Another limitation with this approach is that we still need to summarize the results, but we either have to loop through 5 different objects or combine the vectors into a single matrix:

Code
# use "get" to leverage our paste0 function to apply over the sample size objects/vectors
meanMatrix_highwaytohell <- sapply(X=sizeVec, FUN = function(x) get(paste0('chisq_mean_res_n',x)))

head(meanMatrix_highwaytohell)
         [,1]     [,2]     [,3]     [,4]     [,5]
[1,] 1.216040 2.327663 1.653050 1.787541 2.144370
[2,] 2.341209 1.624362 1.814585 2.141050 2.024248
[3,] 2.449218 1.499997 2.162688 2.297704 1.866892
[4,] 2.852377 1.551701 1.786574 3.001661 1.903967
[5,] 2.653542 2.332737 1.921918 2.001974 2.022062
[6,] 2.000464 1.662547 2.120618 2.455170 1.600771

Fortunately, this time we played with fire and did not get burned.

Mean and SD for Sample Mean from Chi-Squared Data

Calculate the mean and standard deviation associated with each of the five sets of \(\bar{x}\) values.

Solution:

Since we saved our results as a matrix above, we can easily use some of the optimized functions for applying functions to matrices.
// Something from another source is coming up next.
(* Let $t$ be a closed $\Sigma'$-term, $\phi$ a dAEL sentence over $\Sigma$, $\mathcal B$ a universally consistent (consistent) distributed belief pair, and $J$ a $\Sigma'$-structure. Then $\tau_{\mathit{formula}}(t,\phi)^{\tau_{\mathit{beliefpair}}(\mathcal B),J}=\phi^{\mathcal B,J_t}$.
   Context: Standing setup (dAEL). $\Sigma=\Sigma_o\uplus\Sigma_s$ is a first-order vocabulary (objective and subjective symbols). A nonempty domain $D$ and a $\Sigma_o$-structure $I_o$ with domain $D$ are fixed, as is a set of agents $\mathcal{A}\subseteq D$. For each $A\in\mathcal{A}$ there is a constant $A\in\Sigma_o$ with $A^{I_o}=A$, and $\Sigma_o$ contains a unary predicate $\mathrm{Apred}$ with $\mathrm{Apred}^{I_o}=\mathcal{A}$. ''Structure'' means a $\Sigma$-structure with domain $D$ that agrees with $I_o$ on $\Sigma_o$. Formulas of dAEL are built from atoms $P(\bar t)$ ($P\in\Sigma$ or equality) using $\wedge,\neg,\forall x$, and the modal rule: if $\varphi$ is a formula and $t$ a term then $K_t\varphi$ is a formula. Truth values are $\mathbf t,\mathbf f,\mathbf u$ with truth order $\mathbf f<_t\mathbf u<_t\mathbf t$; $\mathbf t^{-1}=\mathbf f$, $\mathbf f^{-1}=\mathbf t$, $\mathbf u^{-1}=\mathbf u$. A possible world structure (PWS) is a set of structures. A distributed possible world structure (DPWS) is a family $\mathcal Q=(\mathcal Q_A)_{A\in\mathcal A}$ of PWSs. A distributed belief pair (DBP) is a pair $\mathcal B=(\mathcal B^c,\mathcal B^l)$ of DPWSs, consistent if $\mathcal B^l_A\subseteq\mathcal B^c_A$ for all $A$. A DPWS $\mathcal Q$ is universally consistent if $\mathcal Q_A\ne\emptyset$ for all $A$; a DBP $\mathcal B$ is universally consistent if $\mathcal B^l$ is. Three-valued value $\varphi^{\mathcal B,I,a}$: atoms get their two-valued value in $I$; $\neg$ by ${}^{-1}$, $\wedge$ and $\forall$ by $\le_t$-glb (Kleene); $(K_t\varphi)^{\mathcal B,I,a}$ is $\mathbf t$ if $t^{I,a}\in\mathcal A$ and $\varphi^{\mathcal B,J,a}=\mathbf t$ for all $J\in\mathcal B^c_{t^{I,a}}$; $\mathbf f$ if $t^{I,a}\notin\mathcal A$ or $\varphi^{\mathcal B,J,a}=\mathbf f$ for some $J\in\mathcal B^l_{t^{I,a}}$; $\mathbf u$ otherwise; for sentences the assignment is omitted. Translation to AEL. $\Sigma'$ consists of all symbols of $\Sigma_o$ and all symbols of $\Sigma_s$ with arity increased by one. A fixed element $\delta\in D$ is chosen. A $\Sigma'$-structure always has domain $D$, agrees with $I_o$ on $\Sigma_o$, and is normal: for every $f\in\Sigma_s$, $f^J(\bar d,d)=\delta$ whenever $d\notin\mathcal A$, and for every relation $R\in\Sigma_s$, $(\bar d,d)\notin R^J$ whenever $d\notin\mathcal A$. AEL formulas over $\Sigma'$ are built like dAEL formulas but with a single unindexed modal operator $K$; an AEL belief pair is a pair $(P,S)$ of sets of $\Sigma'$-structures, and the three-valued AEL value is defined like the dAEL one except that $(K\varphi)^{(P,S),J,a}$ is $\mathbf t$ if $\varphi$ has value $\mathbf t$ at all $J'\in P$, $\mathbf f$ if it has value $\mathbf f$ at some $J'\in S$, and $\mathbf u$ otherwise. For a $\Sigma$-term $t$ and $\Sigma'$-term $s$, $t_s$ is defined by $x_s=x$ for variables, $f(t_1,\dots,t_n)_s=f((t_1)_s,\dots,(t_n)_s,s)$ for $f\in\Sigma_s$, $f(t_1,\dots,t_n)_s=f((t_1)_s,\dots,(t_n)_s)$ for $f\in\Sigma_o$. $\tau_{\mathit{formula}}(s,\cdot)$: $P(t_1,\dots,t_n)\mapsto P((t_1)_s,\dots,(t_n)_s,s)$ if $P\in\Sigma_s$, $P((t_1)_s,\dots,(t_n)_s)$ if $P\in\Sigma_o$ or equality; commutes with $\neg,\wedge,\forall x$; $\tau_{\mathit{formula}}(s,K_t\phi)=\exists x(x=t_s\wedge\mathrm{Apred}(x)\wedge K\,\tau_{\mathit{formula}}(x,\phi))$ for a fresh variable $x$. For a family $(I_A)_{A\in\mathcal A}$ of structures, $\tau_{\mathit{structure}}((I_A)_A)$ is the $\Sigma'$-structure interpreting $\Sigma_o$ as $I_o$, each $f\in\Sigma_s$ by $f(\bar d,d)=f^{I_d}(\bar d)$ if $d\in\mathcal A$ and $\delta$ otherwise, and each relation $R\in\Sigma_s$ by $(\bar d,d)\in R$ iff $d\in\mathcal A$ and $\bar d\in R^{I_d}$. $\tau_{\mathit{pws}}(\mathcal Q)=\{\tau_{\mathit{structure}}((I_A)_A): I_A\in\mathcal Q_A\text{ for all }A\in\mathcal A\}$, and $\tau_{\mathit{beliefpair}}(\mathcal B)=(\tau_{\mathit{pws}}(\mathcal B^c),\tau_{\mathit{pws}}(\mathcal B^l))$. For a $\Sigma'$-structure $J$ and a closed $\Sigma'$-term $t$, $J_t$ is the $\Sigma$-structure with domain $D$ that interprets $\Sigma_o$ as $J$ does and each $s\in\Sigma_s$ by $s^{J_t}(d_1,\dots,d_n)=s^J(d_1,\dots,d_n,t^J)$ (for relation symbols: $\bar d\in s^{J_t}$ iff $(\bar d,t^J)\in s^J$). *)

From Stdlib Require Import List Arith ClassicalEpsilon.
Import ListNotations.
Set Implicit Arguments.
For example, the matrixStats package includes lots of options, but some are already included in base R (e.g., colMeans is included but colSds is not for calculating the mean and SD, respectively, for each column in a matrix).

Code
library(matrixStats)

colMeans(meanMatrix)
      10       20       30       40       50 
1.973315 2.028235 1.987795 2.003727 1.987145 
Code
colSds(meanMatrix) # we need to load the matrixStats package for this calculation
       10        20        30        40        50 
0.6561354 0.4748230 0.3465965 0.3019478 0.2693243 

It is also possible to calculate the mean and SD by using the apply function:

Code
apply(meanMatrix,2,mean)
      10       20       30       40       50 
1.973315 2.028235 1.987795 2.003727 1.987145 
Code
apply(meanMatrix,2,sd)
       10        20        30        40        50 
0.6561354 0.4748230 0.3465965 0.3019478 0.2693243 

Plotting the Sampling Distribution of the Sample Mean Across N’s

Create histograms of the sampling distribution of the mean, for each sample size n. Provide meaningful labeling (i.e., include a title and label the relevant axes).

Solution:

For this example we’ll start with using base R graphics:

Code
par( mfrow=c(2,3) )
invisible( 
  sapply(1:5, function(x) hist(meanMatrix[,x], xlim=c(0,5), breaks=seq(-0.1,5.1,by=0.2), xlab='Sample Mean', main=paste0('n=',sizeVec[x]) ) ) 
) #invisible() suppresses the hist() function output to just provide the plots

We can do something similar with ggplot2 leveraged by creating a function and using lapply based on inspiration from various stack overflow posts:

Code
library(ggplot2)
library(Rmisc) # to use multiplot function

histogram_data_column <- function(matrix, column_num, column_label){
### Transform the columns of a data frame into histograms
# matrix: matrix to plot object from
# column_num: column number to plot
# column_label: label for the given column
    ggplot() + aes(matrix[,column_num]) + 
        geom_histogram(binwidth=0.2, color='black', fill='white') +
        ggtitle(paste0('n=',column_label)) + 
        xlab('Sample Mean') + xlim(0,5)
}

ggplot_histograms <- lapply(1:5, function(x) histogram_data_column(column_num=x, matrix = meanMatrix, column_label=sizeVec[x]))

multiplot(plotlist = ggplot_histograms, layout=matrix(c(1,2,3,4,5,NA), nrow=2, byrow=T))

Is there a value of N where the distributions begin to look normal?

Is there a value of the sample size n (i.e., 10, 20, 30, 40, or 50) where the distributions begin to look normal?

Solution:

This is somewhat subjective since each person may find different outliers or points they find concerning. For example, at \(n=30\) is seems that our distribution is fairly normal. But one could claim \(n=20\) looks normal “enough” or even that the slight right skew even at \(n=50\) is concerning enough that perhaps a larger sample size is needed.